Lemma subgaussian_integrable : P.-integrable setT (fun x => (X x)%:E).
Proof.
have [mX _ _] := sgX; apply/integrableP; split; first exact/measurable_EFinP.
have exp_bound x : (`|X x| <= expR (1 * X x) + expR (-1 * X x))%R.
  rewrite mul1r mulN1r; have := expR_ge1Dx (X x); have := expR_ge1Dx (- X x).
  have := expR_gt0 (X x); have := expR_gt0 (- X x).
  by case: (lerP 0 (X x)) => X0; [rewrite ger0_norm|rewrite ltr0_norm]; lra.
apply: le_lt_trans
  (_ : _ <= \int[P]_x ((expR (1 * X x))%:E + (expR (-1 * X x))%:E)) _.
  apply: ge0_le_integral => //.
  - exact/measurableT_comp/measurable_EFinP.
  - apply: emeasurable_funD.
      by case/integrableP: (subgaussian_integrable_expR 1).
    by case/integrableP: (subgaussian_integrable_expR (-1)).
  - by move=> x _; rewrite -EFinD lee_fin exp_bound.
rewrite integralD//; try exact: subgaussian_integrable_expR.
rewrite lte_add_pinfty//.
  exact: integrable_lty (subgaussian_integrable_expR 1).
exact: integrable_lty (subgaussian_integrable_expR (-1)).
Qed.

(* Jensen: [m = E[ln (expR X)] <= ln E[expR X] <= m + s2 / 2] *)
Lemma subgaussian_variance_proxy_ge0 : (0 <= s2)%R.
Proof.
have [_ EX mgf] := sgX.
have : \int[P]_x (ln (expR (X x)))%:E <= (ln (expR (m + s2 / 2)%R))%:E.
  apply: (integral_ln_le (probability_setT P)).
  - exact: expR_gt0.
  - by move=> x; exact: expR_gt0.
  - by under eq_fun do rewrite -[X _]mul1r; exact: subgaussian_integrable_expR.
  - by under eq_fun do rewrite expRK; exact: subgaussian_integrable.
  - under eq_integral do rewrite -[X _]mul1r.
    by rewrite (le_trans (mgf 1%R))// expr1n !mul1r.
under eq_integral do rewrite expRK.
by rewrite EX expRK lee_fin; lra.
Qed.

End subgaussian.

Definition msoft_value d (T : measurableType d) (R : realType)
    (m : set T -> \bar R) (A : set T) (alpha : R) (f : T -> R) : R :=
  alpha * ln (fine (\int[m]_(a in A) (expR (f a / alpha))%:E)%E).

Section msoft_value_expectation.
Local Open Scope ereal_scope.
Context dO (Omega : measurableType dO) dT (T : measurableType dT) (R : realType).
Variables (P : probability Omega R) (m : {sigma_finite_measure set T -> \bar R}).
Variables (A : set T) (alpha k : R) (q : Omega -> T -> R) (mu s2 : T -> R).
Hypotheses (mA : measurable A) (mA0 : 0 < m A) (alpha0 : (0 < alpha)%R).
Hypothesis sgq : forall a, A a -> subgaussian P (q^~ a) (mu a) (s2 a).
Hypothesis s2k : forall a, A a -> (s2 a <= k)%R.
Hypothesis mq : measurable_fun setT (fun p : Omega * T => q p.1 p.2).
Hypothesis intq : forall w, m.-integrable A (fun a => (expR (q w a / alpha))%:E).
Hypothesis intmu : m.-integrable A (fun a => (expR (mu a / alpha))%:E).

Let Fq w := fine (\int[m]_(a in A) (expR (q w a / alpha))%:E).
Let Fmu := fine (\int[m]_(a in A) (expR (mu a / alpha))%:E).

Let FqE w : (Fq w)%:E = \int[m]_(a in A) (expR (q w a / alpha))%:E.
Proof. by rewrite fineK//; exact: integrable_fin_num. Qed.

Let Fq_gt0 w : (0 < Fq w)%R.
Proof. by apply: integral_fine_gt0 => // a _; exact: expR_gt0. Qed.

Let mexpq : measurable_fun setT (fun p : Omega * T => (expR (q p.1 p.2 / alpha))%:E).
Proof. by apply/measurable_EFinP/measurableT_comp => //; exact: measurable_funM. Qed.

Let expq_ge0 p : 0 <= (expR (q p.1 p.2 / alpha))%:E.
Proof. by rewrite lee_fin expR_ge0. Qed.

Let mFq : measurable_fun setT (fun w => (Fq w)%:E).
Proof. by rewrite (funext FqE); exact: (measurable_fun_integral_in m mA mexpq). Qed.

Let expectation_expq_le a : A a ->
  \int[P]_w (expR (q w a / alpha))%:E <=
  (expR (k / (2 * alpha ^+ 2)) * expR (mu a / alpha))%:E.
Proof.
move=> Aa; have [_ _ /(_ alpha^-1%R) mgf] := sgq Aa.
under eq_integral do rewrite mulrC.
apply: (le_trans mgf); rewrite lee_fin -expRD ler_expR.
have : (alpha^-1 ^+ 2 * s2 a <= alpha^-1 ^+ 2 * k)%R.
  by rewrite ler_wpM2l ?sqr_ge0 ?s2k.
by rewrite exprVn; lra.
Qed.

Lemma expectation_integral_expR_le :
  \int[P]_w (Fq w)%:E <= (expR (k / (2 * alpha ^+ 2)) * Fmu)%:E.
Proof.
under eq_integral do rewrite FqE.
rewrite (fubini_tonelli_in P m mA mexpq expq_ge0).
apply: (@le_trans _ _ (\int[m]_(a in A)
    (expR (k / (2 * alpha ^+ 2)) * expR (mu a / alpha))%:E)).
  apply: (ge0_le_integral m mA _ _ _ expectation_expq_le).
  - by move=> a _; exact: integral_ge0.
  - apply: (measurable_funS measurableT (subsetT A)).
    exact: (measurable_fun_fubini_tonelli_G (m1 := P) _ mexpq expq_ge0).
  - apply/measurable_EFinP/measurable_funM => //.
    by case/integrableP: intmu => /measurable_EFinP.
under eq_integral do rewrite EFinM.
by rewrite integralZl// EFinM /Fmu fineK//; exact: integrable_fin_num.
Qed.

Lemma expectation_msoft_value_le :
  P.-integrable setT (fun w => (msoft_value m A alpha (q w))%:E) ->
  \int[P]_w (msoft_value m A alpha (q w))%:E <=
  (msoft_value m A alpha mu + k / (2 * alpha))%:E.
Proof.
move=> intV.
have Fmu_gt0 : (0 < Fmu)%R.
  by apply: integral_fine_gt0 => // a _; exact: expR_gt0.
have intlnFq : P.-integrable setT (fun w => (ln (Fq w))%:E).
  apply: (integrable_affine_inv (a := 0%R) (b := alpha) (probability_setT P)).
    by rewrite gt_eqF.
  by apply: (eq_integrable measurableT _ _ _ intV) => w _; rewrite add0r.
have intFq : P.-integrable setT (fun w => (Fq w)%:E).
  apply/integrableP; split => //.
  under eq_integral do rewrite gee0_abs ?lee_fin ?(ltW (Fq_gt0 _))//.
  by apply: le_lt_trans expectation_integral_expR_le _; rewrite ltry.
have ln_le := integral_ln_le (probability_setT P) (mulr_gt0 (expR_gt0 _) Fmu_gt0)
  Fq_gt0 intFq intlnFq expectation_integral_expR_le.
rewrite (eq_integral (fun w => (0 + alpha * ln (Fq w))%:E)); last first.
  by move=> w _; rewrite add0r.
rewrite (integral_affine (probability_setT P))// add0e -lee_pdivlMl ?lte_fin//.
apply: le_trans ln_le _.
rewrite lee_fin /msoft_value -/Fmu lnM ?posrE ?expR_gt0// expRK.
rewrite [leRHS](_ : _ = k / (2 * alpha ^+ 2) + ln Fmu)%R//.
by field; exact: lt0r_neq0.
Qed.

━━━━━━━━━━

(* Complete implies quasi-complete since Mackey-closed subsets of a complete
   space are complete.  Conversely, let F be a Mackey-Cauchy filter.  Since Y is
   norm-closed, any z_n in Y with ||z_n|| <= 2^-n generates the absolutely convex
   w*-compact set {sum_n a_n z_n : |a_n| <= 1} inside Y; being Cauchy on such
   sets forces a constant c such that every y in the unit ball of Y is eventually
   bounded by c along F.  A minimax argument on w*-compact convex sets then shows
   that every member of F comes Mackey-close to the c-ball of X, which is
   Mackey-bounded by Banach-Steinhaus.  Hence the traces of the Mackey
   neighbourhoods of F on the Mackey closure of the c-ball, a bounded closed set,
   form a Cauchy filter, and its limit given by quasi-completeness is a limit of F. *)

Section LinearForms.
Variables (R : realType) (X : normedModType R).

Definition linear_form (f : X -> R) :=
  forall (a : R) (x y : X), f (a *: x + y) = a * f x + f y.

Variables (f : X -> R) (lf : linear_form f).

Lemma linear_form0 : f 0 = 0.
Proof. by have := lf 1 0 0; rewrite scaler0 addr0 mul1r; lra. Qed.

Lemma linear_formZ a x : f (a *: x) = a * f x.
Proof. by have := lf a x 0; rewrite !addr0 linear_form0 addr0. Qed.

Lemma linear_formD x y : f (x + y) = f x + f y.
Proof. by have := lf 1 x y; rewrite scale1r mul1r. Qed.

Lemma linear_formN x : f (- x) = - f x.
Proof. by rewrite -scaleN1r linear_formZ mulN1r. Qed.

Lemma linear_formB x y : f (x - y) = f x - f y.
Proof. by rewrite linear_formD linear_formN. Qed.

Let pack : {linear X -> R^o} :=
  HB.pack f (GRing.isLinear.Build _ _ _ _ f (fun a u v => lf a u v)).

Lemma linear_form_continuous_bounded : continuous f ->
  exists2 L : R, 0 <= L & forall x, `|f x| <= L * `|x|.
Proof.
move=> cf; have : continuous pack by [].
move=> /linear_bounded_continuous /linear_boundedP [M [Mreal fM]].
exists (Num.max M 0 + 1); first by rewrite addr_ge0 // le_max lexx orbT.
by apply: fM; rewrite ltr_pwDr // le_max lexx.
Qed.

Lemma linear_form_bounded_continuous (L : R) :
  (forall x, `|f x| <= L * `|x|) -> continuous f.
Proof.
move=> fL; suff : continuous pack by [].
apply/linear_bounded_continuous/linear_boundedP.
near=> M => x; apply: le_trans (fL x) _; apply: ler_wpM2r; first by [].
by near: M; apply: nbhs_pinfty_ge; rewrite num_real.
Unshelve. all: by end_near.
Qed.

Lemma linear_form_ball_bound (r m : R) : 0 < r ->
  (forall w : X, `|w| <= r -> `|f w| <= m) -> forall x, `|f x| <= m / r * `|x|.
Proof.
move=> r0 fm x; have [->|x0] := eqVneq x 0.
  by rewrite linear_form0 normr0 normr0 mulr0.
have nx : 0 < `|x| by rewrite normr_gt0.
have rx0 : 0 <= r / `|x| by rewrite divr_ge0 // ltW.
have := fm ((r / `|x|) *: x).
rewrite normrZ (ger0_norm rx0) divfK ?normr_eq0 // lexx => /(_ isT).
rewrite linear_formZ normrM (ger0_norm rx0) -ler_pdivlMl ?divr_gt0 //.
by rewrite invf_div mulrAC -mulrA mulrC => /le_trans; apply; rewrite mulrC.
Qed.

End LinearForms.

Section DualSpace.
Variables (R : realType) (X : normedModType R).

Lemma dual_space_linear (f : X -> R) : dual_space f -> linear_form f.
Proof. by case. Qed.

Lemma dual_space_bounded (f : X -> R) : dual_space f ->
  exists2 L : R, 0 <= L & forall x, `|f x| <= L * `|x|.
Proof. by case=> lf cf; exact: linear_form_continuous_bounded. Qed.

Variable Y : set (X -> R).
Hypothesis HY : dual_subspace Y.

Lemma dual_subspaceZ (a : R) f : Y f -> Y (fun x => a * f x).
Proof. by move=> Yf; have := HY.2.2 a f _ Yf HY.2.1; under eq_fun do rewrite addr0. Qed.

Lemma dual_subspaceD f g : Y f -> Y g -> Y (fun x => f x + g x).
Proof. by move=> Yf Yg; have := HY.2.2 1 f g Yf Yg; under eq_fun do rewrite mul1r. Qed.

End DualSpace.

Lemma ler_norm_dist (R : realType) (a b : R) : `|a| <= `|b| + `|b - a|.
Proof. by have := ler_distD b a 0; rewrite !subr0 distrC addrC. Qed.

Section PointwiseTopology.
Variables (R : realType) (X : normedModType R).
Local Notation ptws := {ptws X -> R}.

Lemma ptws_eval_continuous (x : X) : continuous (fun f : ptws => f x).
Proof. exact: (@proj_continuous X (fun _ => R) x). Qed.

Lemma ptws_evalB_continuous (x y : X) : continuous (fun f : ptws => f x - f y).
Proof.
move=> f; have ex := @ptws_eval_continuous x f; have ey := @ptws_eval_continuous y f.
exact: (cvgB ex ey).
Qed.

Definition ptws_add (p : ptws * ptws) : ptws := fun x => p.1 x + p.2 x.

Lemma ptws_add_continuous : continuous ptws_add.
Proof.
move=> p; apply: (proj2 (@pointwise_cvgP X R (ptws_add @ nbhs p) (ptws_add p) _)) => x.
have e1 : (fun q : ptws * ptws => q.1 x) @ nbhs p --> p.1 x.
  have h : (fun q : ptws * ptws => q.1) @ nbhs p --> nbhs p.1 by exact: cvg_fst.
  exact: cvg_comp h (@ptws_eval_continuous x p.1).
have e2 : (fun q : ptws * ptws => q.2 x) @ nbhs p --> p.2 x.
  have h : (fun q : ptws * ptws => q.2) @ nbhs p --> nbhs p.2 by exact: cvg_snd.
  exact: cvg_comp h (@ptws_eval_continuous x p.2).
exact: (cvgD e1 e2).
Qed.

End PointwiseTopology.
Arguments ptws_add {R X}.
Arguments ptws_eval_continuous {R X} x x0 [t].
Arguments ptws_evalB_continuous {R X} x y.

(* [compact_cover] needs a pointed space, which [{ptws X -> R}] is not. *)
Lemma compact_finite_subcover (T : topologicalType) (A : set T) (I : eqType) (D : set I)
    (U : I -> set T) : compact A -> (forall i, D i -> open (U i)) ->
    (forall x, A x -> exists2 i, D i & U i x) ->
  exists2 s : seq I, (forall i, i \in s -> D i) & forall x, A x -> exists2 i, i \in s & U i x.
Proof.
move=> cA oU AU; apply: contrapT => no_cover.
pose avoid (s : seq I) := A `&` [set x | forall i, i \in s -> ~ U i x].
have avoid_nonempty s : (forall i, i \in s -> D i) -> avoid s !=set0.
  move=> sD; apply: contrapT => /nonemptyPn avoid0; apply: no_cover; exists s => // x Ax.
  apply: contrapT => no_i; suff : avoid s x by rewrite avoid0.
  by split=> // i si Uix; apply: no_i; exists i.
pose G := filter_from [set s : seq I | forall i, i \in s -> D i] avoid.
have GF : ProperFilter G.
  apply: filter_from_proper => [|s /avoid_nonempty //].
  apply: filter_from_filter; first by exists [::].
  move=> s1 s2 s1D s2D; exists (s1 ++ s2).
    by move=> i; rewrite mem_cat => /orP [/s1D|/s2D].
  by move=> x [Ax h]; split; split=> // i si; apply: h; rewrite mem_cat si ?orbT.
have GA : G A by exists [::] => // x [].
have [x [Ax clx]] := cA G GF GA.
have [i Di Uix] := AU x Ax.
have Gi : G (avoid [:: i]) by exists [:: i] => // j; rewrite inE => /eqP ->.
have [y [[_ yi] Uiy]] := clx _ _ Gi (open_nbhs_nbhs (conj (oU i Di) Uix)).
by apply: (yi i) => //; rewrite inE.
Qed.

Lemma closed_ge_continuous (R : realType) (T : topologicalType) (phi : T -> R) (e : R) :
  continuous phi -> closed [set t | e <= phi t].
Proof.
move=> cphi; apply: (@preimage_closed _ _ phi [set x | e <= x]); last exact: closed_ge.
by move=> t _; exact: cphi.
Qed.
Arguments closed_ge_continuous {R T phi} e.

━━━━━━━━━━

> [Work required]: What is needed is an exact copy of the lines above, from the one containing "Lemma subgaussian_integrable : P.-integrable" through the one containing "Lemma subgaussian_variance_proxy_ge0 : (0", with nothing added.

> [Completed exercise]:
Lemma subgaussian_integrable : P.-integrable setT (fun x => (X x)%:E).
Proof.
have [mX _ _] := sgX; apply/integrableP; split; first exact/measurable_EFinP.
have exp_bound x : (`|X x| <= expR (1 * X x) + expR (-1 * X x))%R.
  rewrite mul1r mulN1r; have := expR_ge1Dx (X x); have := expR_ge1Dx (- X x).
  have := expR_gt0 (X x); have := expR_gt0 (- X x).
  by case: (lerP 0 (X x)) => X0; [rewrite ger0_norm|rewrite ltr0_norm]; lra.
apply: le_lt_trans
  (_ : _ <= \int[P]_x ((expR (1 * X x))%:E + (expR (-1 * X x))%:E)) _.
  apply: ge0_le_integral => //.
  - exact/measurableT_comp/measurable_EFinP.
  - apply: emeasurable_funD.
      by case/integrableP: (subgaussian_integrable_expR 1).
    by case/integrableP: (subgaussian_integrable_expR (-1)).
  - by move=> x _; rewrite -EFinD lee_fin exp_bound.
rewrite integralD//; try exact: subgaussian_integrable_expR.
rewrite lte_add_pinfty//.
  exact: integrable_lty (subgaussian_integrable_expR 1).
exact: integrable_lty (subgaussian_integrable_expR (-1)).
Qed.

(* Jensen: [m = E[ln (expR X)] <= ln E[expR X] <= m + s2 / 2] *)
Lemma subgaussian_variance_proxy_ge0 : (0 <= s2)%R.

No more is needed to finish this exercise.